Speaker: Alexander Hsieh, PhD student
Title: Detection of mosaic single nucleotide variants in exome sequencing data and implications for congenital heart disease
Abstract: The contribution of somatic mosaicism, or genetic mutations arising after oocyte fertilization, to congenital heart disease (CHD) is not well understood. Further, the relationship between mosaicism in blood and cardiovascular tissue has not been determined. We developed a computational method, Expectation-Maximization-based detection of Mosaicism (EM-mosaic), to analyze mosaicism in exome sequences of 2530 CHD proband-parent trios. EM-mosaic detected 326 mosaic mutations in blood and/or cardiac tissue DNA. Of the 309 detected in blood DNA, 85/94 (90%) tested were independently confirmed. Twenty-five mosaic variants altered CHD-risk genes, affecting 1% of our cohort. Of these 25, 22/22 candidates tested were confirmed. Variants predicted as damaging had higher variant allele fraction than benign variants, suggesting a role in CHD. The frequency of mosaic variants above 10% mosaicism was 0.13/person in blood and 0.14/person in cardiac tissue. Analysis of 66 individuals with matched cardiac tissue available revealed both tissue-specific and shared mosaicism, with shared mosaics generally having higher allele fraction. We estimate that ~1% of CHD probands have a mosaic variant detectable in blood that could contribute to cardiac malformations, particularly those damaging variants expressed at higher allele fraction compared to benign variants. Although blood is a readily-available DNA source, cardiac tissues analyzed contributed ~5% of somatic mosaic variants identified, indicating the value of tissue mosaicism analyses.

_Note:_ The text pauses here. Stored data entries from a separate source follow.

(* Inserting [x *: \1_A] into a disjoint decomposition splits every piece [P]
   into [P `\` A] and [P `&` A], and recurses with [A `\` P]. *)
Lemma disjoint_pieces_insert L (x : X) (A : set T) :
  {in L, forall p, finite_piece p} -> disjoint_pieces L -> finite_piece (x, A) ->
  exists L', [/\ {in L', forall p, finite_piece p}, disjoint_pieces L',
    indic_sum L' = (fun t => (\1_A t : R) *: x + indic_sum L t) &
    {in L', forall q, q.2 `<=` A `|` [set t | exists2 p, p \in L & p.2 t]}].
Proof.
elim: L A => [|[y P] L IH] A finL.
  move=> _ finA; exists [:: (x, A)]; split => //.
  - by move=> q; rewrite inE => /eqP ->.
  - by apply/funext => t; rewrite indic_sum_cons !indic_sum_nil.
  - by move=> q; rewrite inE => /eqP -> /=; apply: subsetUl.
rewrite /disjoint_pieces pairwise_cons => /andP[/allP disjP disjL] [mA finA].
have [mP finP] : finite_piece (y, P) by apply: finL; rewrite mem_head.
have finL1 : {in L, forall q, finite_piece q}.
  by move=> q qL; apply: finL; rewrite in_cons qL orbT.
have [L' [finL' disjL' sumL' subL']] := IH (A `\` P) finL1 disjL
  (finite_pieceS (conj mA finA) (measurableD mA mP) (@subDsetl _ _ _)).
exists [:: (y, P `\` A), (x + y, P `&` A) & L']; split.
- move=> q; rewrite !in_cons => /orP[/eqP ->|/orP[/eqP ->|/finL' //]].
    by apply: (finite_pieceS (conj mP finP)); [exact: measurableD | exact: subDsetl].
  by apply: (finite_pieceS (conj mP finP)); [exact: measurableI | exact: subIsetl].
- have disj_rest (B : set T) : B `<=` P -> {in L', forall q, [disjoint B & q.2]}.
    move=> BP q /subL' qsub; apply/disj_set2P/seteqP; split=> // t [Bt /qsub].
    move=> [[_ /(_ (BP t Bt))]//|[r rL rt]].
    by move/disj_set2P: (disjP r rL) => /seteqP[/(_ t (conj (BP t Bt) rt))].
  move: disjL'; rewrite /disjoint_pieces !pairwise_cons /= => ->.
  rewrite andbT -andbA; apply/and3P; split.
  - apply/disj_set2P/seteqP; split => // t [[_ nAt] [_ At]]; exact: nAt.
  - by apply/allP => q /(disj_rest _ (@subDsetl _ _ _)).
  - by apply/allP => q /(disj_rest _ (@subIsetl _ _ _)).
- apply/funext => t; rewrite !indic_sum_cons sumL' /=.
  rewrite !indicE !in_setD !in_setI.
  by case: (t \in A); case: (t \in P); rewrite /= ?scale1r ?scale0r ?add0r ?addr0 // addrA.
- move=> q; rewrite !in_cons => /orP[/eqP -> t [Pt _]|/orP[/eqP -> t [Pt _]|/subL' qsub t]].
  + by right; exists (y, P) => //; rewrite mem_head.
  + by right; exists (y, P) => //; rewrite mem_head.
  + move=> /qsub [[At _]|[r rL rt]]; first by left.
    by right; exists r => //; rewrite in_cons rL orbT.
Qed.

Lemma indic_sum_disjoint L : {in L, forall p, finite_piece p} ->
  exists L', [/\ {in L', forall p, finite_piece p}, disjoint_pieces L' &
    indic_sum L' = indic_sum L].
Proof.
elim: L => [|[x A] L IH] finL; first by exists [::].
have [L1 [finL1 disjL1 sumL1]] : exists L1, [/\ {in L1, forall p, finite_piece p},
    disjoint_pieces L1 & indic_sum L1 = indic_sum L].
  by apply: IH => p pL; apply: finL; rewrite in_cons pL orbT.
have [L' [finL' disjL' sumL' _]] :=
  disjoint_pieces_insert finL1 disjL1 (finL _ (mem_head _ _)).
by exists L'; split => //; apply/funext => t; rewrite sumL' sumL1 indic_sum_cons.
Qed.

Lemma simple_fun_disjoint L : {in L, forall p, finite_piece p} -> disjoint_pieces L ->
  simple_fun mu (indic_sum L).
Proof.
move=> finL disjL; exists [seq p <- L | p.1 != 0]; split.
- by move=> p; rewrite mem_filter => /andP[x0 /finL[]].
- exact/disjoint_piecesP/pairwise_filter.
- apply/funext => t; rewrite /indic_sum big_filter [RHS]big_mkcond.
  by apply: eq_bigr => p _; case: eqVneq => [->|]; rewrite ?scaler0.
Qed.

Lemma simple_fun_indic_sum L : {in L, forall p, finite_piece p} ->
  simple_fun mu (indic_sum L).
Proof.
move=> /indic_sum_disjoint[L' [finL' disjL' <-]]; exact: simple_fun_disjoint.
Qed.

Lemma simple_funB (f g : T -> X) : simple_fun mu f -> simple_fun mu g ->
  simple_fun mu (fun t => f t - g t).
Proof.
move=> [Lf [finLf _ ->]] [Lg [finLg _ ->]].
have -> : (fun t => indic_sum Lf t - indic_sum Lg t) =
    indic_sum (Lf ++ [seq (- p.1, p.2) | p <- Lg]).
  apply/funext => t; rewrite /indic_sum big_cat big_map -sumrN /=.
  by congr (_ + _); apply: eq_bigr => p _; rewrite scalerN.
apply: simple_fun_indic_sum => p; rewrite mem_cat => /orP[/finLf[]//|].
by move=> /mapP[q /finLg[mq finq _] ->].
Qed.

Lemma measurable_sum_indic (L : seq (X * set T)) (c : X * set T -> R) :
  {in L, forall p, measurable p.2} ->
  measurable_fun setT (fun t => \sum_(p <- L) (\1_(p.2) t : R) * c p).
Proof.
elim: L => [|q L IH] mL.
  by under eq_fun do rewrite big_nil; exact: measurable_cst.
under eq_fun do rewrite big_cons.
apply: measurable_funD; last by apply: IH => p pL; apply: mL; rewrite in_cons pL orbT.
apply: measurable_funM; last exact: measurable_cst.
by apply: measurable_indic; apply: mL; rewrite mem_head.
Qed.

Lemma measurable_norm_simple (f : T -> X) : simple_fun mu f ->
  measurable_fun setT (fun t => `|f t|).
Proof.
move=> [L [finL /disjoint_piecesP disjL ->]].
under eq_fun do rewrite (norm_indic_sum _ disjL).
by apply: measurable_sum_indic => p /finL[].
Qed.

Lemma bochner_measurableB_simple (f g : T -> X) : bochner_measurable mu f ->
  simple_fun mu g -> bochner_measurable mu (fun t => f t - g t).
Proof.
move=> [sf [sf_simple sf_cvg]] g_simple.
exists (fun n t => sf n t - g t); split=> [n|]; first exact: simple_funB.
by apply: filterS sf_cvg => t sf_t; apply: cvgB => //; exact: cvg_cst.
Qed.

Speaker: Michelle Chau, PhD student
Title: Developing a user-centered, machine learning approach to identify preferences for inspirational social media health-related images for young populations
Abstract: Nutrition interventions for adolescents and young adults (AYAs) increasingly rely on mobile platforms and social media. Most assume nutritional decisions are rational, targeting intentions such as goal setting and self-monitoring. However, in the absence of motivation and time, nutrition choices are often automatic and based on heuristics. The use of images is a simple way to deliver heuristic messaging. My preliminary research showing AYAs frequent use of social media for inspiration, further suggests health-related images may be suitable for nutrition interventions with these groups. Previous studies have explored inspirational social media content using qualitative and manual methods. However, there is an active area of research in computational visual analysis that explores preferences and prediction for image retrieval and recommendation tasks. The application of these techniques within health and specifically how to translate human preferences into the technical requirements needed to identify inspirational images for nutrition and young populations is underexplored. In this talk, I will discuss a study to identify image features that are relevant for inspiring healthy eating in health-related social media content. Further, I will discuss future directions for exploring how these features may be incorporated into machine learning models.